1983 NIH Consensus Development Conference:
"The formulation of an effective management strategy for patients with dysplastic nevi depends upon their classification in one of two groups:
1. Dysplastic nevi with a family history of melanoma.
2. Dysplastic nevi without a family history of melanoma. . . .
In patients with dysplastic nevi and any family history of melanoma, the indication for excising additional dysplastic nevi is the suspicion of early melanoma. In such lesions, the decision will be influenced by variation in color, size of the lesion relative to the patient's other nevi, or progressions. Follow-up should be conducted every 3 to 6 months."
1992 NIH Consensus Development Conference: "Lesions that develop de novo may be monitored for 6 months to 1 year, but biopsy specimens should be obtained from them if there is a suspicion of melanoma or rapid changes occur. To permit adequate diagnosis, the biopsy should be a total removal by punch, saucerization, or elliptical excision to include a portion of underlying subcutaneous fat. . . . In providing the histological interpretation of a nevus with architectural disorder with varying degrees of melanocytic atypia, the pathologist should note whether the margins of the specimen are involved by the process.
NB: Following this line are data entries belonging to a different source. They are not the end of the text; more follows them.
Lemma meval_minors4_eq0 {K : fieldType} {m : nat} {c : 'I_m -> 'I_4 -> 'I_4 -> K}
    {alpha beta : 'rV[K]_4} (f : {ffun 'I_4 -> 'I_m}) :
  beta != 0 -> (forall i, gform c i alpha beta = 0) -> (minors4 c f).@[alpha 0] = 0.
Proof.
move=> nz_beta g0; set M := map_mx (meval (alpha 0)) (Dmat c).
have M_beta : M *m beta^T = 0.
  by apply/matrixP => i k; rewrite ord1 -gform_Dmat g0 mxE.
have -> : (minors4 c f).@[alpha 0] = \det (rowsub f M).
  by rewrite /M -map_mxsub det_map_mx.
rewrite -det_tr; apply/eqP/det0P; exists beta => //; apply: trmx_inj.
rewrite trmx_mul trmxK trmx0.
have -> : rowsub f M *m beta^T = rowsub f (M *m beta^T).
  by apply/matrixP => i k; rewrite !mxE; apply: eq_bigr => j _; rewrite !mxE.
by rewrite M_beta; apply/matrixP => i k; rewrite !mxE.
Qed.

Lemma gform_coefA_diag (K : fieldType) (q : K) (alpha : 'rV[K]_4) (i : 'I_6) :
  gform (coefA q) i alpha alpha =
  if val i == 4%N then - q * (alpha 0 0 ^+ 2 - alpha 0 1 * alpha 0 3) else 0.
Proof.
by rewrite /gform !sum_ord4; case: i => [[|[|[|[|[|[|//]]]]]] ?]; rewrite /coefA /=; ring.
Qed.

Lemma gform_coefA_line (K : fieldType) (q : K) (alpha : 'rV[K]_4) (i : 'I_6) :
  alpha 0 0 = 0 -> alpha 0 2 = 0 ->
  gform (coefA q) i alpha (\row_k [:: 0; (1 + q) * alpha 0 1; 0; alpha 0 3]`_k) = 0.
Proof.
move=> a0 a2; rewrite /gform !sum_ord4 !mxE /= a0 a2.
by case: i => [[|[|[|[|[|[|//]]]]]] ?]; rewrite /coefA /=; ring.
Qed.

Lemma kernel_point_in_QuL (K : fieldType) (q : K) (alpha beta : 'rV[K]_4) :
  q != 0 -> alpha != 0 -> beta != 0 -> (forall i, gform (coefA q) i alpha beta = 0) ->
  alpha 0 0 ^+ 2 - alpha 0 1 * alpha 0 3 = 0 \/ (alpha 0 0 = 0 /\ alpha 0 2 = 0).
Proof.
move=> nz_q /rV0Pn[j nz_aj] nz_beta g0.
set Fa := alpha 0 0 ^+ 2 - alpha 0 1 * alpha 0 3.
have F_mul b : Fa * alpha 0 (if b then 0 else 2) = 0.
  have := meval_in_ideal (alpha 0) (mulX_QuL_in_minors4 nz_q j b)
                         (fun f => meval_minors4_eq0 f nz_beta g0).
  rewrite mevalM mevalXU => /eqP; rewrite mulf_eq0 (negbTE nz_aj) => /eqP.
  by case: b; rewrite /QuL_gens !(mevalM, mevalB, mevalXU, rmorphXn); apply.
have [F0 | nz_F] := eqVneq Fa 0; [by left | right].
have Fa_mulI x : Fa * x = 0 -> x = 0.
  by move/eqP; rewrite mulf_eq0 (negbTE nz_F) => /eqP.
by split; apply: Fa_mulI; [exact: (F_mul true) | exact: (F_mul false)].
Qed.

Lemma QuL_point_kernel (K : fieldType) (q : K) (alpha : 'rV[K]_4) :
  alpha != 0 ->
  alpha 0 0 ^+ 2 - alpha 0 1 * alpha 0 3 = 0 \/ (alpha 0 0 = 0 /\ alpha 0 2 = 0) ->
  exists2 beta : 'rV[K]_4, beta != 0 & forall i, gform (coefA q) i alpha beta = 0.
Proof.
move=> nz_alpha QL_alpha.
have [F0 | nz_F] := eqVneq (alpha 0 0 ^+ 2 - alpha 0 1 * alpha 0 3) 0.
  by exists alpha => // i; rewrite gform_coefA_diag F0 mulr0 if_same.
have [a0 a2] : alpha 0 0 = 0 /\ alpha 0 2 = 0.
  by case: QL_alpha => [/eqP|//]; rewrite (negbTE nz_F).
exists (\row_k [:: 0; (1 + q) * alpha 0 1; 0; alpha 0 3]`_k); last first.
  by move=> i; apply: gform_coefA_line.
apply/rV0Pn; exists 3; rewrite mxE /=; apply: contraNneq nz_F => a3.
by rewrite a0 a3 expr2 !mul0r mulr0 subr0.
Qed.

Theorem proposition3 (K : closedFieldType) (q : K)
  (hchar : 2%N \notin [pchar K]) (hq0 : q != 0) (hq1 : q != -1) :
  (* scheme-theoretic: the point scheme V(4x4 minors of D) equals Q \cup L *)
  same_subscheme (minors4 (coefA q)) (@QuL_gens K)
  /\
  (* on points: alpha in P^3 is in the point scheme iff alpha in Q \cup L *)
  (forall alpha : 'rV[K]_4, alpha != 0 ->
     ((exists2 beta : 'rV[K]_4, beta != 0 &
         forall i : 'I_6, gform (coefA q) i alpha beta = 0)
      <-> (alpha 0 0 ^+ 2 - alpha 0 1 * alpha 0 3 = 0
           \/ (alpha 0 0 = 0 /\ alpha 0 2 = 0)))).
Proof.
split; first exact: same_subscheme_minors4_QuL.
move=> alpha nz_alpha; split; last exact: QuL_point_kernel.
by case=> beta nz_beta g0; apply: kernel_point_in_QuL nz_beta g0.
Qed.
If re-excision is indicated, margins of 0.2 to 0.5 cm are appropriate."
Critique:
If a pigmented lesion is thought to be a melanoma, it should be biopsied, and if it is not suspected of being a melanoma, it need not be biopsied. In short, a DN identified clinically as a nevus, irrespective of whether or not it is encountered in a setting of a family history of melanoma, does not warrant biopsy; it may be presumed to be benign. Re-excision of any proliferation of melanocytes is indicated only if a histopathologist is uncertain about whether a particular proliferation is that of a nevus or a melanoma; the principle then in regard to margins should be complete removal of the lesion, rather than obeisance to arbitrary numbers of millimeters or centimeters that shrink further every decade.